[LISTED RECORDS]:

Lemma lyapunov_stable (beta alpha rho : R) :
  0 < beta * alpha * rho -> 0 < rho ->
  forall eps, 0 < eps -> exists delta, 0 < delta /\
    forall p q : R -> R, is_solution beta alpha rho p q ->
      norm2 (p 0) (q 0) < delta -> forall t, 0 <= t -> norm2 (p t) (q t) < eps.
Proof.
  intros Hk Hrho eps Heps.
  set (k := beta * alpha * rho) in *.
  set (mu := Rmin (k / 4) (1 / 2)).
  set (c := Rmin k (mu * eps ^ 2)).
  set (delta := Rmin (1 / 2) (c / (2 * k + 1))).
  assert (Hmu : 0 < mu) by (apply Rmin_pos; lra).
  assert (Hc : 0 < c) by (apply Rmin_pos; [lra | apply Rmult_lt_0_compat, pow_lt; lra]).
  assert (Hdelta : 0 < delta) by (apply Rmin_pos; [lra | apply Rdiv_lt_0_compat; lra]).
  assert (Hdelta_half : delta <= 1 / 2) by apply Rmin_l.
  assert (Hdelta_sq : (2 * k + 1) * delta ^ 2 <= c).
  { assert (delta <= c / (2 * k + 1)) by apply Rmin_r.
    assert ((2 * k + 1) * (c / (2 * k + 1)) = c) by (field; lra).
    assert ((2 * k + 1) * delta <= c) by nra.
    nra. }
  exists delta. split; [exact Hdelta |].
  intros p q Hsol H0 t Ht.
  apply norm2_lt_iff in H0; [| exact Hdelta]. apply norm2_lt_iff; [exact Heps |].
  pose proof (pow2_ge_0 (p 0)). pose proof (pow2_ge_0 (q 0)).
  assert (Hp0 : p 0 <= 1 / 2) by nra.
  assert (HV0 : lyapunov k (p 0) (q 0) < c).
  { pose proof (lyapunov_le_sq_norm k (p 0) (q 0) ltac:(lra) Hp0).
    assert ((2 * k + 1) * (p 0 ^ 2 + q 0 ^ 2) < (2 * k + 1) * delta ^ 2)
      by (apply Rmult_lt_compat_l; lra).
    lra. }
  pose proof (lyapunov_nonincr beta alpha rho p q Hk Hrho Hsol 0 t ltac:(lra)) as HVt.
  fold k in HVt.
  assert (Hck : c <= k) by apply Rmin_l.
  assert (Hceps : c <= mu * eps ^ 2) by apply Rmin_r.
  pose proof (sq_norm_le_lyapunov k (p t) (q t) Hk ltac:(lra)) as Hlow. fold mu in Hlow.
  apply (Rmult_lt_reg_l mu); [exact Hmu |]. lra.
Qed.

Theorem theorem6p1 (beta alpha rho : R) :
  0 < beta -> 0 < alpha < 1 -> 0 < rho ->
  (forall eps, 0 < eps -> exists delta, 0 < delta /\
     forall p q : R -> R, is_solution beta alpha rho p q ->
       norm2 (p 0) (q 0) < delta ->
       forall t, 0 <= t -> norm2 (p t) (q t) < eps) /\
  (forall p q : R -> R, is_solution beta alpha rho p q ->
     is_lim p p_infty 0 /\ is_lim q p_infty 0).
Proof.
  intros Hbeta Halpha Hrho.
  assert (Hk : 0 < beta * alpha * rho)
    by (apply Rmult_lt_0_compat; [apply Rmult_lt_0_compat |]; lra).
  split.
  - exact (lyapunov_stable beta alpha rho Hk Hrho).
  - intros p q Hsol. split.
    + exact (solution_p_lim beta alpha rho p q Hk Hrho Hsol).
    + exact (solution_q_lim beta alpha rho p q Hk Hrho Hsol).
Qed.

[REQUIRED WORK]: The data above should be output exactly, with each line intact.

[YOUR SOLUTION]:
Lemma lyapunov_stable (beta alpha rho : R) :
  0 < beta * alpha * rho -> 0 < rho ->
  forall eps, 0 < eps -> exists delta, 0 < delta /\
    forall p q : R -> R, is_solution beta alpha rho p q ->
      norm2 (p 0) (q 0) < delta -> forall t, 0 <= t -> norm2 (p t) (q t) < eps.
Proof.
  intros Hk Hrho eps Heps.
  set (k := beta * alpha * rho) in *.
  set (mu := Rmin (k / 4) (1 / 2)).
  set (c := Rmin k (mu * eps ^ 2)).
  set (delta := Rmin (1 / 2) (c / (2 * k + 1))).
  assert (Hmu : 0 < mu) by (apply Rmin_pos; lra).
  assert (Hc : 0 < c) by (apply Rmin_pos; [lra | apply Rmult_lt_0_compat, pow_lt; lra]).
  assert (Hdelta : 0 < delta) by (apply Rmin_pos; [lra | apply Rdiv_lt_0_compat; lra]).
  assert (Hdelta_half : delta <= 1 / 2) by apply Rmin_l.
  assert (Hdelta_sq : (2 * k + 1) * delta ^ 2 <= c).
  { assert (delta <= c / (2 * k + 1)) by apply Rmin_r.
    assert ((2 * k + 1) * (c / (2 * k + 1)) = c) by (field; lra).
    assert ((2 * k + 1) * delta <= c) by nra.
    nra. }
  exists delta. split; [exact Hdelta |].
  intros p q Hsol H0 t Ht.
  apply norm2_lt_iff in H0; [| exact Hdelta]. apply norm2_lt_iff; [exact Heps |].
  pose proof (pow2_ge_0 (p 0)). pose proof (pow2_ge_0 (q 0)).
  assert (Hp0 : p 0 <= 1 / 2) by nra.
  assert (HV0 : lyapunov k (p 0) (q 0) < c).
  { pose proof (lyapunov_le_sq_norm k (p 0) (q 0) ltac:(lra) Hp0).
    assert ((2 * k + 1) * (p 0 ^ 2 + q 0 ^ 2) < (2 * k + 1) * delta ^ 2)
      by (apply Rmult_lt_compat_l; lra).
    lra. }
  pose proof (lyapunov_nonincr beta alpha rho p q Hk Hrho Hsol 0 t ltac:(lra)) as HVt.
  fold k in HVt.
  assert (Hck : c <= k) by apply Rmin_l.
  assert (Hceps : c <= mu * eps ^ 2) by apply Rmin_r.
  pose proof (sq_norm_le_lyapunov k (p t) (q t) Hk ltac:(lra)) as Hlow. fold mu in Hlow.
  apply (Rmult_lt_reg_l mu); [exact Hmu |]. lra.
Qed.

Theorem theorem6p1 (beta alpha rho : R) :
  0 < beta -> 0 < alpha < 1 -> 0 < rho ->
  (forall eps, 0 < eps -> exists delta, 0 < delta /\
     forall p q : R -> R, is_solution beta alpha rho p q ->
       norm2 (p 0) (q 0) < delta ->
       forall t, 0 <= t -> norm2 (p t) (q t) < eps) /\
  (forall p q : R -> R, is_solution beta alpha rho p q ->
     is_lim p p_infty 0 /\ is_lim q p_infty 0).
Proof.
  intros Hbeta Halpha Hrho.
  assert (Hk : 0 < beta * alpha * rho)
    by (apply Rmult_lt_0_compat; [apply Rmult_lt_0_compat |]; lra).
  split.
  - exact (lyapunov_stable beta alpha rho Hk Hrho).
  - intros p q Hsol. split.
    + exact (solution_p_lim beta alpha rho p q Hk Hrho Hsol).
    + exact (solution_q_lim beta alpha rho p q Hk Hrho Hsol).
Qed.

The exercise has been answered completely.